# Exercise prompt
Below is some data. Retype exactly the lines starting at the one with "Definition atgt (x" and ending at the one with "else g :: st".

***** Material for this task *****

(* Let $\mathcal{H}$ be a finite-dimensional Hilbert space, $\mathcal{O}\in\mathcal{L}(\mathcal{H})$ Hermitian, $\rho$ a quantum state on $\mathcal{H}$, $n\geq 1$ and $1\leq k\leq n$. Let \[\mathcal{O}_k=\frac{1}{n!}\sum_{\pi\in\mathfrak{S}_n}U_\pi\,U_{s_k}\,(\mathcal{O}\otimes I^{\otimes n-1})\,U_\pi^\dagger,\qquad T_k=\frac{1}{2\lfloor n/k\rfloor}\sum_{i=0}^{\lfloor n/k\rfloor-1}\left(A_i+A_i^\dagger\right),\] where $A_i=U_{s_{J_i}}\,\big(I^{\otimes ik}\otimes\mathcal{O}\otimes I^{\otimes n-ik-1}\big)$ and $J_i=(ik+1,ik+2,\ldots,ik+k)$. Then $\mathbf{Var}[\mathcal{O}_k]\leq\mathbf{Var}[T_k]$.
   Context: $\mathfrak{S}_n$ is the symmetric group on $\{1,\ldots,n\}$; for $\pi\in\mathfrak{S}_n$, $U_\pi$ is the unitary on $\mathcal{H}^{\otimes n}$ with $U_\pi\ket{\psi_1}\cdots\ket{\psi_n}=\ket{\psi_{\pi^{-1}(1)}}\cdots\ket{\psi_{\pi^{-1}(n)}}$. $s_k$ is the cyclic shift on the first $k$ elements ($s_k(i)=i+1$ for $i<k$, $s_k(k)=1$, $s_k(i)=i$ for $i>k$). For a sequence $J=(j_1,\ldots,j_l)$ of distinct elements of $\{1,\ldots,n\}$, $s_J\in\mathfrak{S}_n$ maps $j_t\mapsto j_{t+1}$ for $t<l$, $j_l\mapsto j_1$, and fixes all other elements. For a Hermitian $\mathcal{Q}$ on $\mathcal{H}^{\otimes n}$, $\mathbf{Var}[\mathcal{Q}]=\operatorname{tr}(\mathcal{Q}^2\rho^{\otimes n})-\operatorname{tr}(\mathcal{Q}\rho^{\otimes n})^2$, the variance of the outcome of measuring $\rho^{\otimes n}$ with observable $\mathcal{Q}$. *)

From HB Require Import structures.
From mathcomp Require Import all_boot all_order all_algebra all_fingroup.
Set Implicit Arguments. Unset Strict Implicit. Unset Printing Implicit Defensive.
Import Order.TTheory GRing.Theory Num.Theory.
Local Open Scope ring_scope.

*****
***** Material for this task *****

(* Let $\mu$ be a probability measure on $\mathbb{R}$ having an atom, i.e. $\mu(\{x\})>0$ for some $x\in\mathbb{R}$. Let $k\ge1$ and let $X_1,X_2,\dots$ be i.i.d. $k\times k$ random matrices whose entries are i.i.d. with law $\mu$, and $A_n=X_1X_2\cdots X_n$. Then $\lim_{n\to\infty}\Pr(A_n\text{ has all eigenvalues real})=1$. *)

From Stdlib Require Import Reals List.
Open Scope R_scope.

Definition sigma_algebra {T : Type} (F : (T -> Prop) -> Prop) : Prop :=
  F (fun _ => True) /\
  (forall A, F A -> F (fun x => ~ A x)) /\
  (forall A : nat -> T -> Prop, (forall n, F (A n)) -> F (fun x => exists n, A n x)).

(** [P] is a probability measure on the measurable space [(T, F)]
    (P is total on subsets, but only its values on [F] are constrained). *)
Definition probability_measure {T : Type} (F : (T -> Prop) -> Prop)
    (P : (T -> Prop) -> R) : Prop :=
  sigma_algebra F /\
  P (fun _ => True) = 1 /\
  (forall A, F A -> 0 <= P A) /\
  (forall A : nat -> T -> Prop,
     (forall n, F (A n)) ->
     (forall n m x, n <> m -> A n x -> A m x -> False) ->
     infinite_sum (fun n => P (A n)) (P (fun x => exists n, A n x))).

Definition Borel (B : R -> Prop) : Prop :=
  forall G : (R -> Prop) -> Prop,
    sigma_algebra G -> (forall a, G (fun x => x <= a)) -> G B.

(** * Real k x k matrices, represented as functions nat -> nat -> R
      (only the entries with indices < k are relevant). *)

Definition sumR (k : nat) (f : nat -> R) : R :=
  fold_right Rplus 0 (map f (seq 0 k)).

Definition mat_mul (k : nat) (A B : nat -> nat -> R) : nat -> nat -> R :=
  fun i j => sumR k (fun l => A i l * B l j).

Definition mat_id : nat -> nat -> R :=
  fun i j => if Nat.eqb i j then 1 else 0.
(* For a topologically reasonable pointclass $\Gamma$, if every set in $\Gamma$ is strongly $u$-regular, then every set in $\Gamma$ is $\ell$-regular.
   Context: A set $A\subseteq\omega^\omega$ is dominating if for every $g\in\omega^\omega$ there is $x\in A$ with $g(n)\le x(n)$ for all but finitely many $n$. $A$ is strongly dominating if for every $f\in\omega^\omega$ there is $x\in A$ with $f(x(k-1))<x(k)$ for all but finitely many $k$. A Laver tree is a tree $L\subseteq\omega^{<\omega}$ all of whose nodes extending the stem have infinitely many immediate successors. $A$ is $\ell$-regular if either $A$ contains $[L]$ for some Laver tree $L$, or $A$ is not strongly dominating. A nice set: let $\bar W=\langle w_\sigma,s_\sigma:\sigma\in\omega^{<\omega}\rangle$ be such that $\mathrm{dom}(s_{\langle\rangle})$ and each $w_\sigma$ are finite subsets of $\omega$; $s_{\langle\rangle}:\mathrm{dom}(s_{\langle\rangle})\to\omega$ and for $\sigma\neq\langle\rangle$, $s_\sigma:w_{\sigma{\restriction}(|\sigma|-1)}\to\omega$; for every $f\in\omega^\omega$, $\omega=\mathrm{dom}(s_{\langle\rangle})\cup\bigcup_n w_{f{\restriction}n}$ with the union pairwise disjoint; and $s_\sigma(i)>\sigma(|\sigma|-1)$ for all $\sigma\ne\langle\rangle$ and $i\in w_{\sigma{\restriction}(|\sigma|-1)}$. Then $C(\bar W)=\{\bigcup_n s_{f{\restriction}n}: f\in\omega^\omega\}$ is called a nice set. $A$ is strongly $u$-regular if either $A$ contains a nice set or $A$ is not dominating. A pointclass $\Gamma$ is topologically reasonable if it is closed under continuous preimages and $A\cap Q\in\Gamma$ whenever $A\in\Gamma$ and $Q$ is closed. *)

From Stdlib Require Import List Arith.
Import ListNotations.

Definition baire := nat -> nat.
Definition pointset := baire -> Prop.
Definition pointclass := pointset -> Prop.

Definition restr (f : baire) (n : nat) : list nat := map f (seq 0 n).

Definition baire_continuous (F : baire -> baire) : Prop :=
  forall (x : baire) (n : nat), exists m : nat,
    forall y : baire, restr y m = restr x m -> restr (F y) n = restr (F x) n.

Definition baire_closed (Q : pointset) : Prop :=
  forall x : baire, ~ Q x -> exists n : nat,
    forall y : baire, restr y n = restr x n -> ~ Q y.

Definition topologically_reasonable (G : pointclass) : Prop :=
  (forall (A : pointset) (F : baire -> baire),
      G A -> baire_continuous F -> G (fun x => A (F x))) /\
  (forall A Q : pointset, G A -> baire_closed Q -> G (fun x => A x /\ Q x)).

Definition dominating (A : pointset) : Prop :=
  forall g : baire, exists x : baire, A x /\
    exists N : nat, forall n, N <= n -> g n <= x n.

*****
***** Material for this task *****

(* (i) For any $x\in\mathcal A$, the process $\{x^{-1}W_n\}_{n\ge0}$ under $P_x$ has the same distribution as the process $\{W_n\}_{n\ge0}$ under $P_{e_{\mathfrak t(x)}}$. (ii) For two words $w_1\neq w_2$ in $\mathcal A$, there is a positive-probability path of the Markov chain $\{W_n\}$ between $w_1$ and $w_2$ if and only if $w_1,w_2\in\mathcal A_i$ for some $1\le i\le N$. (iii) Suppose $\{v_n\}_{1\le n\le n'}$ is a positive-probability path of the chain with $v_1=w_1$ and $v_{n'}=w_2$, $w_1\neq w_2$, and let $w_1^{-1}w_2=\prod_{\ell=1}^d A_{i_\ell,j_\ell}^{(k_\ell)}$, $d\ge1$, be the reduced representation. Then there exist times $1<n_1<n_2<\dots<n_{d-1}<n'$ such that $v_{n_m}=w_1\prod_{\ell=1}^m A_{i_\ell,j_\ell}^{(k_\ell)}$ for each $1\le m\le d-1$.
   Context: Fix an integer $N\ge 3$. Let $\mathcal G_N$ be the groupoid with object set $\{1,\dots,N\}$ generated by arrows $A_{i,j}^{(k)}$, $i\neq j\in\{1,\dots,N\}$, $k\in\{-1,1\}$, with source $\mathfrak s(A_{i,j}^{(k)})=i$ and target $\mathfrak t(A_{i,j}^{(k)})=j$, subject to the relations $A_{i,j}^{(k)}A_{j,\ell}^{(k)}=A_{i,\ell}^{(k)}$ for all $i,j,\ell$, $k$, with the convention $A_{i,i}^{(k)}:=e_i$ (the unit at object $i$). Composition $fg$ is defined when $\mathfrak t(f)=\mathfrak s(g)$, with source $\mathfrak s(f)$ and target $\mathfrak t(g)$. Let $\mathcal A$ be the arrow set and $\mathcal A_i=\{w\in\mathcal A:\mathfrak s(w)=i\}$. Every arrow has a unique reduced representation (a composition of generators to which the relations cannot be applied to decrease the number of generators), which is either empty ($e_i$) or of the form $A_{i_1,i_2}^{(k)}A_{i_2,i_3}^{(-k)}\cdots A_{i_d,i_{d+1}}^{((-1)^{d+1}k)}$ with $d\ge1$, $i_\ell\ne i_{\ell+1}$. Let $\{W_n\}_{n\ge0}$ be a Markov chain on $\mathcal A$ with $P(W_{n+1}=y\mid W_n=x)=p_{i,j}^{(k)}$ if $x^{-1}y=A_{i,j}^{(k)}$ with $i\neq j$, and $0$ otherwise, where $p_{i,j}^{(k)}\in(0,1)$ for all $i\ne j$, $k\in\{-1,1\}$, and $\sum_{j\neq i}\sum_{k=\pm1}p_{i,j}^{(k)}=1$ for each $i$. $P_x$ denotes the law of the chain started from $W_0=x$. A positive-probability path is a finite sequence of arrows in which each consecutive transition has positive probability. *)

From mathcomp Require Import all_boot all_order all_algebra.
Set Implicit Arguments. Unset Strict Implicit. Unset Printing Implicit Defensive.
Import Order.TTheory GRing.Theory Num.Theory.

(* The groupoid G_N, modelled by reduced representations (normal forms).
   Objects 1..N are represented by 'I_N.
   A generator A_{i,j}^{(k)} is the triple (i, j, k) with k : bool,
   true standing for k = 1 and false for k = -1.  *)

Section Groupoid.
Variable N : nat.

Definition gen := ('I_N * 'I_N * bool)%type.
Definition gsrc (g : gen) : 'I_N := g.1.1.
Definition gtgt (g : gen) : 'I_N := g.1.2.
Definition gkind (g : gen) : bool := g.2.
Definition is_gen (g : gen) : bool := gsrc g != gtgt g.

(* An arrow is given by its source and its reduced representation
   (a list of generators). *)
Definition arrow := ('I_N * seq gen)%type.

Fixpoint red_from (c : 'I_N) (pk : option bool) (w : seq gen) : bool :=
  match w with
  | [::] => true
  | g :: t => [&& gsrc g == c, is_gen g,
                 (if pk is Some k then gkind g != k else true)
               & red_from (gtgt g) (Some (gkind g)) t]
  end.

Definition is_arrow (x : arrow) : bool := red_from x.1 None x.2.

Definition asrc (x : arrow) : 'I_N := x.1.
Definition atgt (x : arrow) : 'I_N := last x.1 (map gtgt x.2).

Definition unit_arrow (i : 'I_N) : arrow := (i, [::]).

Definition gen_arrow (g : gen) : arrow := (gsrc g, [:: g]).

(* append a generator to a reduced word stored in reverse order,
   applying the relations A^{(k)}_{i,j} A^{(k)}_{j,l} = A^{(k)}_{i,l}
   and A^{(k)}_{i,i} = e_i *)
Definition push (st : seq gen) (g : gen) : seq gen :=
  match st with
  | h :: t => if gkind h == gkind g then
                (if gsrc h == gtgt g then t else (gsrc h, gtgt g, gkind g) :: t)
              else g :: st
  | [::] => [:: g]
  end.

*****

# Reply
Definition atgt (x : arrow) : 'I_N := last x.1 (map gtgt x.2).

Definition unit_arrow (i : 'I_N) : arrow := (i, [::]).

Definition gen_arrow (g : gen) : arrow := (gsrc g, [:: g]).

(* append a generator to a reduced word stored in reverse order,
   applying the relations A^{(k)}_{i,j} A^{(k)}_{j,l} = A^{(k)}_{i,l}
   and A^{(k)}_{i,i} = e_i *)
Definition push (st : seq gen) (g : gen) : seq gen :=
  match st with
  | h :: t => if gkind h == gkind g then
                (if gsrc h == gtgt g then t else (gsrc h, gtgt g, gkind g) :: t)
              else g :: st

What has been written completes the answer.